Project summary/Abstract The long-term goal of this project is to improve therapeutic options for patients with cholangiocarcinoma by better understanding the pathways that drive disease and increase resistance to therapy. Worldwide, liver cancer is now second only to lung cancer for cancer- related deaths. Cholangiocarcinoma is a primary liver cancer with rising incidence and few effective treatment options.

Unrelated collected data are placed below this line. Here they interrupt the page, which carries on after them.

(* Let a function $K^\varepsilon$ be of order $\zeta \leq 0$. Then for every $\kappa \in [0,1]$, $t \in \mathbf{R}$ and $x_1, x_2 \in \Lambda_\varepsilon^d$ one has \begin{equ} |K^\varepsilon(t, x_1) - K^\varepsilon(t, x_2)| \lesssim |x_1 - x_2|^\kappa \Bigl((\|(t, x_1)\|_{\mathfrak{s}}\vee\varepsilon)^{\zeta - \kappa} + (\|(t, x_2)\|_{\mathfrak{s}}\vee\varepsilon)^{\zeta - \kappa} \Bigr) |\!|\!| K^\varepsilon |\!|\!|_{\zeta; 1}\;. \end{equ}
   Context: Fix a scaling $\mathfrak{s}=(\mathfrak{s}_0,1,\ldots,1)$ of $\mathbf{R}^{d+1}$ with $\mathfrak{s}_0\ge1$, and $\varepsilon=2^{-N}$, $N\in\mathbf{N}$, with grid $\Lambda^d_\varepsilon=(\varepsilon\mathbf{Z})^d$. For $z=(t,x)$ let $\|z\|_{\mathfrak{s}}=|t|^{1/\mathfrak{s}_0}\vee|x|$. Functions $K^\varepsilon$ on $\mathbf{R}\times\Lambda^d_\varepsilon$ are supported in a ball centered at the origin and may fail to be differentiable in time only on $P_0=\{(0,x):x\in\Lambda^d_\varepsilon\}$. Let $D_{i,\varepsilon}K(t,x)=\varepsilon^{-1}(K(t,x+\varepsilon e_i)-K(t,x))$, $D^k_\varepsilon=D_t^{k_0}D^{k_1}_{1,\varepsilon}\cdots D^{k_d}_{d,\varepsilon}$, $|k|_{\mathfrak{s}}=\mathfrak{s}_0k_0+\sum_{i\ge1}k_i$, and $|\!|\!| K^\varepsilon|\!|\!|_{\zeta;m}=\max_{|k|_{\mathfrak{s}}\le m}\sup_{z\notin P_0}\frac{|D^k_\varepsilon K^\varepsilon(z)|}{(\|z\|_{\mathfrak{s}}\vee\varepsilon)^{(\zeta-|k|_{\mathfrak{s}})\wedge0}}$. $K^\varepsilon$ (a sequence indexed by $\varepsilon=2^{-N}$) is of order $\zeta$ if this quantity is bounded uniformly in $\varepsilon$; the proportionality constant is independent of $\varepsilon$. *)

From HB Require Import structures.
From mathcomp Require Import all_boot all_order all_algebra.
From mathcomp Require Import all_classical all_reals all_analysis.
Set Implicit Arguments. Unset Strict Implicit. Unset Printing Implicit Defensive.
Import Order.TTheory GRing.Theory Num.Theory.
Import numFieldNormedType.Exports.
Local Open Scope classical_set_scope.
Local Open Scope ring_scope.
Definition is_dual (f : A -> R) : Prop :=
  (forall x y, f (ba_add A x y) = f x + f y) /\
  (forall r x, f (ba_scal A r x) = r * f x) /\
  (exists M, forall x, Rabs (f x) <= M * ba_norm A x).

(* A^{**} : bounded linear functionals on A^{*} (with the operator norm on A^{*},
   written out: |F f| <= M * c whenever c >= 0 bounds f) *)
Definition is_bidual (F : (A -> R) -> R) : Prop :=
  (forall f g, is_dual f -> is_dual g -> F (fun x => f x + g x) = F f + F g) /\
  (forall r f, is_dual f -> F (fun x => r * f x) = r * F f) /\
  (exists M, forall f c, is_dual f -> 0 <= c ->
      (forall x, Rabs (f x) <= c * ba_norm A x) -> Rabs (F f) <= M * c).

Definition dmulr (f : A -> R) (a : A) : A -> R := fun b => f (ba_mul A a b).

Definition hat (a : A) : (A -> R) -> R := fun f => f a.

(* first Arens product: <a''b'', a'> = <a'', b''a'>, <b''a', a> = <b'', a'a>;
   equals lim_alpha lim_beta <a', a_alpha b_beta> *)
Definition arens1 (F G : (A -> R) -> R) : (A -> R) -> R :=
  fun f => F (fun a => G (dmulr f a)).

(* second Arens product: equals lim_beta lim_alpha <a', a_alpha b_beta> *)
Definition arens2 (F G : (A -> R) -> R) : (A -> R) -> R :=
  fun f => G (fun b => F (fun a => f (ba_mul A a b))).

Definition arens_regular : Prop :=
  forall F G, is_bidual F -> is_bidual G ->
    forall f, is_dual f -> arens1 F G f = arens2 F G f.

Definition dual_factors : Prop :=
  (forall f a, is_dual f -> is_dual (dmulr f a)) /\
  (forall f, is_dual f -> exists g a, is_dual g /\ forall x, f x = dmulr g a x).

End Arens.

Record directed := {
  dir_car :> Type;
  dir_le : dir_car -> dir_car -> Prop;
  dir_inh : dir_car;
  dir_refl : forall i, dir_le i i;
  dir_trans : forall i j k, dir_le i j -> dir_le j k -> dir_le i k;
  dir_up : forall i j, exists k, dir_le i k /\ dir_le j k
}.

Definition net_conv (D : directed) (x : D -> R) (l : R) : Prop :=
  forall eps, 0 < eps -> exists i0, forall i, dir_le D i0 i -> Rabs (x i - l) < eps.

Definition wstar_conv (A : BanachAlgebra) (D : directed)
  (N : D -> (A -> R) -> R) (F : (A -> R) -> R) : Prop :=
  forall f, is_dual A f -> net_conv D (fun i => N i f) (F f).

Definition Z1 (A : BanachAlgebra) (F : (A -> R) -> R) : Prop :=
  forall (D : directed) (N : D -> (A -> R) -> R) (G : (A -> R) -> R),
    (forall i, is_bidual A (N i)) -> is_bidual A G ->
    wstar_conv A D N G ->
    wstar_conv A D (fun i => arens1 A F (N i)) (arens1 A F G).

(* If H lies in Z_1 then H G = H o G for every G. Indeed A is weak*-dense in its bidual (on
   finitely many functionals every G is matched by some a in A), and for a in A both H a
   and H o a act on f as <f o H, a>; weak*-continuity of G |-> H G carries the identity to
   the limit G. For general F factor f = g c in A^* A: then F G f and (F o G) f are the two
   products of H = c F evaluated at g, and c F lies in Z_1 by hypothesis. *)
From Stdlib Require Import Reals Lra List Classical FunctionalExtensionality
  IndefiniteDescription.
Open Scope R_scope.
Import ListNotations.

Section Nets.
Variable D : directed.

Lemma net_conv_eventually_const (x : D -> R) (l : R) (i0 : D) :
  (forall i, dir_le D i0 i -> x i = l) -> net_conv D x l.
Proof.
  intros Hx eps Heps. exists i0. intros i Hi.
  rewrite (Hx i Hi), Rminus_diag, Rabs_R0. exact Heps.
Qed.

Lemma net_conv_eventually_const_eq (x : D -> R) (l l' : R) (i0 : D) :
  net_conv D x l -> (forall i, dir_le D i0 i -> x i = l') -> l = l'.
Proof.
  intros Hconv Hx. apply NNPP. intro Hne.
  assert (Hpos : 0 < Rabs (l' - l)) by (apply Rabs_pos_lt; lra).
  destruct (Hconv _ Hpos) as [i1 Hi1].
  destruct (dir_up D i0 i1) as [k [Hk0 Hk1]].
  specialize (Hi1 k Hk1). rewrite (Hx k Hk0) in Hi1. lra.
Qed.

End Nets.

Lemma incl_upper_bound {T : Type} (l m : list T) : exists k, incl l k /\ incl m k.
Proof. exists (l ++ m). split; [apply incl_appl | apply incl_appr]; apply incl_refl. Qed.

Section Arens.
Variable A : BanachAlgebra.

Definition is_linear (f : A -> R) : Prop :=
  (forall x y, f (ba_add A x y) = f x + f y) /\ (forall r x, f (ba_scal A r x) = r * f x).

Definition kernel (S : list (A -> R)) (x : A) : Prop := forall g, In g S -> g x = 0.

Fixpoint in_span (S : list (A -> R)) (f : A -> R) : Prop :=
  match S with
  | nil => forall x, f x = 0
  | g :: S' => exists c, in_span S' (fun x => f x - c * g x)
  end.

Lemma is_dual_linear (f : A -> R) : is_dual A f -> is_linear f.
Proof. intros [Hadd [Hscal _]]. split; assumption. Qed.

The current project will investigate canonical and non-canonical fibroblast growth factor receptor-4 (FGFR4) signaling in cholangiocarcinoma initiation and progression. Preliminary data demonstrated that cholangiocarcinoma cells exhibited autocrine FGFR4 signaling through expression and secretion of the ligand FGF19. Inhibition of this pathway increased apoptosis and decreased cell growth with effects at the G1/S checkpoint, S phase duration, and mitosis. FGFR4 is strongly expressed in tumor tissue compared to normal bile ducts. FGFR inhibition markedly reduced tumor size in rats and knockdown of FGFR4 prevented subcutaneous tumor formation. We have identified a novel proteolytic cleavage product of the full-length receptor that is composed of the intracellular domain (R4- ICD). R4-ICD contains the C-terminal tyrosine kinase domain, activated AKT, and prevented apoptosis. The central hypothesis of this proposal is that signaling through FGFR4 and R4-ICD drives cholangiocarcinoma initiation, progression, and chemoresistance. Experiments in aim 1 will determine how malignant features are promoted by R4-ICD and FGFR4. Aim 2 will identify tumor-initiating mechanisms of FGFR4 and R4-ICD. The third aim will demonstrate the role FGFR4 and R4-ICD in chemotherapy resistance. Successful completion of this project will increase our understanding of how FGFR4 promotes cholangiocarcinoma progression and resistance to therapy, define new biology of R4-ICD, and test treatment strategies that inhibit FGFR4 processing or kinase activity.

项目概要/摘要 该项目的长期目标是改善患有以下疾病的患者的治疗选择 通过更好地了解驱动疾病和增加胆管癌的途径 对治疗的抵抗。在世界范围内，肝癌目前是仅次于肺癌的第二大癌症—— 相关死亡。胆管癌是一种原发性肝癌，发病率不断上升，且很少见。 有效的治疗方案。当前的项目将调查规范和非规范 成纤维细胞生长因子受体 4 (FGFR4) 信号在胆管癌发生和发展中的作用 进展。初步数据表明胆管癌细胞表现出自分泌 FGFR4 通过配体 FGF19 的表达和分泌进行信号传导。对此的抑制 途径增加细胞凋亡并减少细胞生长，并在 G1/S 检查点产生影响， S期持续时间和有丝分裂。与 FGFR4 相比，FGFR4 在肿瘤组织中强烈表达 正常胆管。 FGFR 抑制显着减小了大鼠的肿瘤大小并敲低了 FGFR4 阻止皮下肿瘤形成。我们发现了一种新型蛋白水解酶 由胞内结构域（R4- ICD）。 R4-ICD 含有 C 端酪氨酸激酶结构域，可激活 AKT，并阻止 细胞凋亡。该提案的中心假设是通过 FGFR4 和 R4-ICD 发出信号 驱动胆管癌的发生、进展和化疗耐药。目标 1 的实验 将决定 R4-ICD 和 FGFR4 如何促进恶性特征。目标 2 将确定 FGFR4 和 R4-ICD 的肿瘤启动机制。第三个目标将展示作用 FGFR4 和 R4-ICD 在化疗耐药中的作用。该项目的顺利完成将 增加我们对 FGFR4 如何促进胆管癌进展的理解 治疗耐药性，定义 R4-ICD 的新生物学，并测试抑制的治疗策略 FGFR4 加工或激酶活性。